Crist briefed on Florida's python problem
Gov. Charlie Crist paid an official visit to the Fish and Wildlife Conservation Commission on Wednesday to learn more about how the agency is attacking the proliferation of Burmese pythons in the Everglades. The problem took on urgency last month after a pet Burmese python asphyxiated a girl in Sumter County.
Florida's python capture program began July 17 and will end Oct. 31, and FWC officials say they are considering asking the state Legislature to ban Internet sales of pythons.
Tim Breault, an FWC habitat and species expert, said six pythons have been captured in recent weeks. Breault estimated that 110,000 of the exotic snakes have been brought into Florida since 1990, and the snake "got its toehold" in the Everglades in the aftermath of Hurricane Andrew, partly because of the storm-related destruction of pet shops in Monroe and Miami-Dade counties.

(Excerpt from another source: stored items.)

(* Suppose a unitary $C$ is written in the form $$C=H_{\mathbf a}P_{\mathbf d}Z_{\mathbf D}\,\mathbf H\,e^{\mathrm{i}\phi}X_{\mathbf u}Z_{\mathbf v}P_{\mathbf b}Z_{\mathbf B}X_{\mathbf A}$$ with $\mathbf a,\mathbf d,\mathbf u,\mathbf v,\mathbf b\in\mathbb F_2^n$, $\mathbf D,\mathbf B\in\mathcal B_n$, $\mathbf A\in GL_n(\mathbb F_2)$ and $\phi\in\{k\pi/4:k\in\mathbb Z\}$. Then for every $i\in\{0,\dots,n-1\}$, the product $H_iC$ can also be written in this form (with possibly different data $\mathbf a,\mathbf d,\mathbf D,\phi,\mathbf u,\mathbf v,\mathbf b,\mathbf B,\mathbf A$ of the same types).
   Context: Qubits are labelled $0,\dots,n-1$; computational basis $\{|x\rangle:x\in\mathbb F_2^n\}$; $\mathrm{i}=\sqrt{-1}$. One-qubit gates $\mathtt H=\frac1{\sqrt2}\begin{pmatrix}1&1\\1&-1\end{pmatrix}$, $\mathtt P=\mathrm{diag}(1,\mathrm{i})$, $\mathtt Z=\mathrm{diag}(1,-1)$, $\mathtt X=\begin{pmatrix}0&1\\1&0\end{pmatrix}$; $U_i$ denotes the gate $\mathtt U$ acting on qubit $i$, and $U_{\mathbf a}=\prod_iU_i^{a_i}$ for $\mathbf a\in\mathbb F_2^n$. $\mathbf H=\prod_{i=0}^{n-1}H_i$. For $\mathbf A\in GL_n(\mathbb F_2)$, $X_{\mathbf A}|x\rangle=|\mathbf Ax\rangle$. $\mathcal B_n$ is the set of symmetric $n\times n$ matrices over $\mathbb F_2$ with zero diagonal, and for $\mathbf B\in\mathcal B_n$, $Z_{\mathbf B}|x\rangle=(-1)^{\sum_{i<j}b_{ij}x_ix_j}|x\rangle$. *)

(* Complex scalars: algC (algebraic complex numbers), which
   contain 1/sqrt 2, 'i and e^{i pi/4} = (1 + 'i)/sqrt 2. *)
From HB Require Import structures.
From mathcomp Require Import all_boot all_order all_algebra all_field.
Set Implicit Arguments. Unset Strict Implicit. Unset Printing Implicit Defensive.
Import Order.TTheory GRing.Theory Num.Theory.
Local Open Scope ring_scope.

(* Computational basis labels: vectors x in F_2^n (column vectors). *)
Definition bits (n : nat) := 'cV['F_2]_n.

(* Dimension of the Hilbert space: #|F_2^n| (= 2^n); operators are square
   complex matrices indexed by the enumeration of the basis labels. *)
Definition dim (n : nat) := #|{: bits n}|.
Definition op (n : nat) := 'M[algC]_(dim n).

Definition mx_of n (f : bits n -> bits n -> algC) : op n :=
  \matrix_(r, c) f (enum_val r) (enum_val c).

Definition b2o (t : 'F_2) : 'I_2 := inord (nat_of_ord t).

Definition gate_on n (i : 'I_n) (U : 'M[algC]_2) : op n :=
  mx_of (fun x y : bits n =>
    if [forall j : 'I_n, (j != i) ==> (x j ord0 == y j ord0)]
    then U (b2o (x i ord0)) (b2o (y i ord0)) else 0).

Definition Hm : 'M[algC]_2 :=
  \matrix_(r, c) ((sqrtC 2)^-1 * (if (r == 1 :> nat) && (c == 1 :> nat) then -1 else 1)).
Definition Pm : 'M[algC]_2 := \matrix_(r, c) (if r == c then (if r == 1 :> nat then 'i else 1) else 0).
Definition Zm : 'M[algC]_2 := \matrix_(r, c) (if r == c then (if r == 1 :> nat then -1 else 1) else 0).
Definition Xm : 'M[algC]_2 := \matrix_(r, c) (if r == c then 0 else 1).

Definition Hg n (i : 'I_n) := gate_on i Hm.
Definition Pg n (i : 'I_n) := gate_on i Pm.
Definition Zg n (i : 'I_n) := gate_on i Zm.
Definition Xg n (i : 'I_n) := gate_on i Xm.

Definition gate_vec n (G : 'I_n -> op n) (a : bits n) : op n :=
  \big[mulmx/1%:M]_(i < n) (if a i ord0 == 1 then G i else 1%:M).

Definition Hall n : op n := \big[mulmx/1%:M]_(i < n) Hg i.

Definition XA n (A : 'M['F_2]_n) : op n :=
  mx_of (fun x y : bits n => if x == A *m y then 1 else 0).

Definition isB n (B : 'M['F_2]_n) : Prop := B^T = B /\ forall i, B i i = 0.

Definition sgnF2 (t : 'F_2) : algC := if t == 0 then 1 else -1.

Definition ZB n (B : 'M['F_2]_n) : op n :=
  mx_of (fun x y : bits n =>
    if x == y then sgnF2 (\sum_(i < n) \sum_(j < n | (i < j)%N) B i j * x i ord0 * x j ord0)
    else 0).

(* e^{i k pi/4} = ((1 + i)/sqrt 2)^k, k in Z *)
Definition w8 : algC := (1 + 'i) / sqrtC 2.
Definition phase n (k : int) : op n := (w8 ^ k) *: 1%:M.

Definition normal_form n (a d : bits n) (D : 'M['F_2]_n) (k : int)
  (u v b : bits n) (B A : 'M['F_2]_n) : op n :=
  gate_vec (@Hg n) a *m gate_vec (@Pg n) d *m ZB D *m Hall n *m phase n k
  *m gate_vec (@Xg n) u *m gate_vec (@Zg n) v *m gate_vec (@Pg n) b *m ZB B *m XA A.

(* H_i squares to the identity and commutes with every H_j, j <> i, so
   H_i H_a = H_(a + e_i): left multiplication by H_i only toggles bit i of
   the leading Hadamard vector and leaves every other datum unchanged. *)
From mathcomp Require Import all_boot all_order all_algebra all_field.
Import GRing.Theory Num.Theory.
Set Implicit Arguments. Unset Strict Implicit. Unset Printing Implicit Defensive.
Local Open Scope ring_scope.

Lemma mul_mx_of n (f g : bits n -> bits n -> algC) :
  mx_of f *m mx_of g = mx_of (fun x y => \sum_z f x z * g z y).
Proof.
apply/matrixP=> r c; rewrite !mxE.
rewrite (reindex (@enum_val _ (mem {: bits n}))) /=; last first.
  by apply: onW_bij; exact: enum_val_bij.
by apply: eq_bigr => s _; rewrite !mxE.
Qed.

Lemma eq_mx_of n (f g : bits n -> bits n -> algC) :
  (forall x y, f x y = g x y) -> mx_of f = mx_of g.
Proof. by move=> fg; apply/matrixP=> r c; rewrite !mxE fg. Qed.

Lemma mx_of1 n : (1%:M : op n) = mx_of (fun x y => (x == y)%:R).
Proof. by apply/matrixP=> r c; rewrite !mxE (inj_eq enum_val_inj). Qed.

Lemma F2_0_or_1 (t : 'F_2) : t = 0 \/ t = 1.
Proof. by case: t => [[|[|m]] //= m_lt2]; [left|right]; apply: val_inj. Qed.

Lemma b2o0 : b2o 0 = 0. Proof. by apply: val_inj; rewrite /b2o /= inordK. Qed.
Lemma b2o1 : b2o 1 = 1. Proof. by apply: val_inj; rewrite /b2o /= inordK. Qed.

Lemma big_ord2 (R : Type) (idx : R) (op : R -> R -> R) (F : 'I_2 -> R) :
  \big[op/idx]_(r < 2) F r = op (F 0) (op (F 1) idx).
Proof.
by rewrite !big_ord_recl big_ord0; congr (op (F _) (op (F _) _)); apply: val_inj.
Qed.

Section Qubits.
Variable n : nat.
Implicit Types (i j : 'I_n) (x y z : bits n) (t : 'F_2).

Definition agree_off i x z := [forall k, (k != i) ==> (x k ord0 == z k ord0)].
Definition agree_off2 i j x z :=
  [forall k, (k != i) && (k != j) ==> (x k ord0 == z k ord0)].

Definition set_bit x i t : bits n := \col_k (if k == i then t else x k ord0).

Lemma set_bit_at x i t : set_bit x i t i ord0 = t.
Proof. by rewrite mxE eqxx. Qed.

Lemma set_bit_off x i t k : k != i -> set_bit x i t k ord0 = x k ord0.
Proof. by rewrite mxE => /negbTE ->. Qed.

Lemma agree_off_set_bit x i t : agree_off i x (set_bit x i t).
Proof. by apply/forallP => k; apply/implyP => ki; rewrite set_bit_off. Qed.

Lemma agree_off_set_bitl x y i t :
  agree_off i (set_bit x i t) y = agree_off i x y.
Proof. by apply: eq_forallb => k; case ki: (k != i); rewrite //= set_bit_off. Qed.

Lemma agree_off_set_bit2 x y i j t : i != j ->
  agree_off j (set_bit x i t) y = (t == y i ord0) && agree_off2 i j x y.
Proof.
move=> ij; apply/idP/andP.
- move/forallP=> H; split; first by move: (H i); rewrite ij set_bit_at.
  apply/forallP => k; apply/implyP => /andP [ki kj].
  by move: (H k); rewrite kj set_bit_off.
- case=> /eqP -> /forallP H; apply/forallP => k; apply/implyP => kj.
  case: (eqVneq k i) => [->|ki]; first by rewrite set_bit_at.
  by rewrite set_bit_off //; move: (H k); rewrite ki kj.
Qed.

Lemma agree_off_eq x y i : agree_off i x y -> x i ord0 = y i ord0 -> x = y.
Proof.
move=> /forallP xy xyi; apply/matrixP => k l; rewrite (ord1 l).
case: (eqVneq k i) => [->|ki] //.
by move: (xy k); rewrite ki => /eqP.
Qed.

Lemma sum_agree_off i x (f : bits n -> algC) :
  (forall z, ~~ agree_off i x z -> f z = 0) ->
  \sum_z f z = f (set_bit x i 0) + f (set_bit x i 1).
Proof.
move=> f0.
have ne01 : set_bit x i 1 != set_bit x i 0.
  by apply/eqP => /matrixP /(_ i ord0); rewrite !set_bit_at.
rewrite (bigD1 (set_bit x i 0)) //= (bigD1 (set_bit x i 1)) //= big1 ?addr0 //.
move=> z /andP [z1 z0]; apply: f0; apply/negP => xz.
have Ez : z = set_bit x i (z i ord0).
  by apply/esym/(@agree_off_eq _ _ i); rewrite ?agree_off_set_bitl ?set_bit_at.
by case: (F2_0_or_1 (z i ord0)) Ez => -> Ez; [move: z1|move: z0]; rewrite -Ez eqxx.
Qed.

Lemma gate_on_mul i U V : gate_on i U *m gate_on i V = gate_on i (U *m V).
Proof.
rewrite /gate_on mul_mx_of; apply: eq_mx_of => x y.
rewrite (@sum_agree_off i x); last first.
  by move=> z xz; rewrite -/(agree_off i x z) (negbTE xz) mul0r.
rewrite -!/(agree_off _ _ _) !agree_off_set_bit !agree_off_set_bitl !set_bit_at.
by rewrite mxE big_ord2 b2o0 b2o1; case: (agree_off i x y); rewrite ?mulr0 ?addr0.
Qed.

Lemma gate_on_mul_neq i j U V : i != j ->
  gate_on i U *m gate_on j V =
  mx_of (fun x y => if agree_off2 i j x y then
     U (b2o (x i ord0)) (b2o (y i ord0)) * V (b2o (x j ord0)) (b2o (y j ord0))
     else 0).
Proof.
move=> ij; rewrite /gate_on mul_mx_of; apply: eq_mx_of => x y.
rewrite (@sum_agree_off i x); last first.
  by move=> z xz; rewrite -/(agree_off i x z) (negbTE xz) mul0r.
rewrite -!/(agree_off _ _ _) !agree_off_set_bit !agree_off_set_bit2 //.
rewrite !set_bit_at !set_bit_off 1?eq_sym //.
case: (agree_off2 i j x y); rewrite ?andbF ?mulr0 ?addr0 //.
by case: (F2_0_or_1 (y i ord0)) => ->; rewrite /= ?b2o0 ?b2o1 ?mulr0 ?addr0 ?add0r.
Qed.

Lemma gate_on_comm i j U V : i != j ->
  gate_on i U *m gate_on j V = gate_on j V *m gate_on i U.
Proof.
move=> ij; rewrite gate_on_mul_neq // gate_on_mul_neq 1?eq_sym //.
apply: eq_mx_of => x y; rewrite mulrC.
suff -> : agree_off2 j i x y = agree_off2 i j x y by [].
by apply: eq_forallb => k; rewrite andbC.
Qed.

Lemma gate_on1 i : gate_on i 1%:M = 1%:M.
Proof.
rewrite mx_of1 /gate_on; apply: eq_mx_of => x y.
rewrite -/(agree_off i x y) mxE.
case: (eqVneq x y) => [<-|xy].
  suff -> : agree_off i x x by rewrite eqxx.
  by apply/forallP => k; rewrite eqxx implybT.
case xy_off: (agree_off i x y) => //.
suff /negbTE -> : b2o (x i ord0) != b2o (y i ord0) by [].
apply: contraNneq xy => bxy; apply/eqP; apply: (agree_off_eq xy_off).
by move: bxy; case: (F2_0_or_1 (x i ord0)) => ->;
  case: (F2_0_or_1 (y i ord0)) => ->; rewrite ?b2o0 ?b2o1.
Qed.

End Qubits.

Lemma Hm_invol : Hm *m Hm = 1%:M.
Proof.
have s2 : (sqrtC 2)^-1 * (sqrtC 2)^-1 = 2^-1 :> algC by rewrite -invfM -expr2 sqrtCK.
have h2 : 2^-1 + 2^-1 = 1 :> algC.
  by rewrite -mulr2n -[_ *+ 2]mulr_natr mulVf // pnatr_eq0.
apply/matrixP => r c; rewrite !mxE big_ord2 addr0 !mxE.
by case: r => [[|[|?]] ?] //; case: c => [[|[|?]] ?] //=;
  rewrite ?(mulr1, mulrN1, mulNr, mulrN, opprK) s2 ?h2 ?subrr ?addrN.
Qed.

Lemma Hg_invol n (i : 'I_n) : Hg i *m Hg i = 1%:M.
Proof. by rewrite /Hg gate_on_mul Hm_invol gate_on1. Qed.

Lemma Hg_comm n (i j : 'I_n) : i != j -> Hg i *m Hg j = Hg j *m Hg i.
Proof. exact: gate_on_comm. Qed.

Lemma mulmx_big_at (R : ringType) m (I : eqType) (r : seq I) (i : I)
    (F : I -> 'M[R]_m) (X : 'M[R]_m) :
  uniq r -> i \in r -> (forall j, j != i -> X *m F j = F j *m X) ->
  X *m \big[mulmx/1%:M]_(j <- r) F j =
  \big[mulmx/1%:M]_(j <- r) (if j == i then X *m F j else F j).
Proof.
move=> + + XF; elim: r => [|j r IHr] //= /andP [jr ur].
rewrite !big_cons in_cons mulmxA; case: (eqVneq j i) => [ji _|ji /= ir].
  rewrite -ji; congr (_ *m _); apply: eq_big_seq => k kr.
  by case: eqP kr jr => [-> -> //|].
by rewrite XF // -mulmxA IHr.
Qed.

Lemma Hg_gate_vec n (i : 'I_n) (a : bits n) :
  Hg i *m gate_vec (@Hg n) a = gate_vec (@Hg n) (a + delta_mx i ord0).
Proof.
rewrite /gate_vec (mulmx_big_at (i := i)) ?index_enum_uniq ?mem_index_enum //; last first.
  move=> j ji; case: ifP => _; last by rewrite mulmx1 mul1mx.
  by apply: Hg_comm; rewrite eq_sym.
apply: eq_bigr => j _; rewrite !mxE eqxx andbT.
case: (eqVneq j i) => [->|] /=; last by rewrite addr0.
by case: (F2_0_or_1 (a i ord0)) => ->; rewrite ?Hg_invol ?mulmx1.
Qed.

Theorem lemma4p1 (n : nat) (C : op n)
  (a d u v b : bits n) (D B A : 'M['F_2]_n) (k : int) :
  isB D -> isB B -> A \in unitmx ->
  C = normal_form a d D k u v b B A ->
  forall i : 'I_n,
  exists (a' d' u' v' b' : bits n) (D' B' A' : 'M['F_2]_n) (k' : int),
    [/\ isB D', isB B', A' \in unitmx &
        Hg i *m C = normal_form a' d' D' k' u' v' b' B' A'].
Proof.
move=> HD HB HA -> i.
exists (a + delta_mx i ord0), d, u, v, b, D, B, A, k; split => //.
by rewrite /normal_form !mulmxA Hg_gate_vec.
Qed.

The governor walked the halls of FWC's offices in the Farris Bryant Building near the Capitol, and met and made small talk with a number of employees. Spotting a computer mouse pad featuring the FSU logo, Crist asked a secretary: "When does FSU start practice?" When a woman said she worked in FWC's office of inspector general, Crist asked: "Are you doing a lot of inspecting, generally?"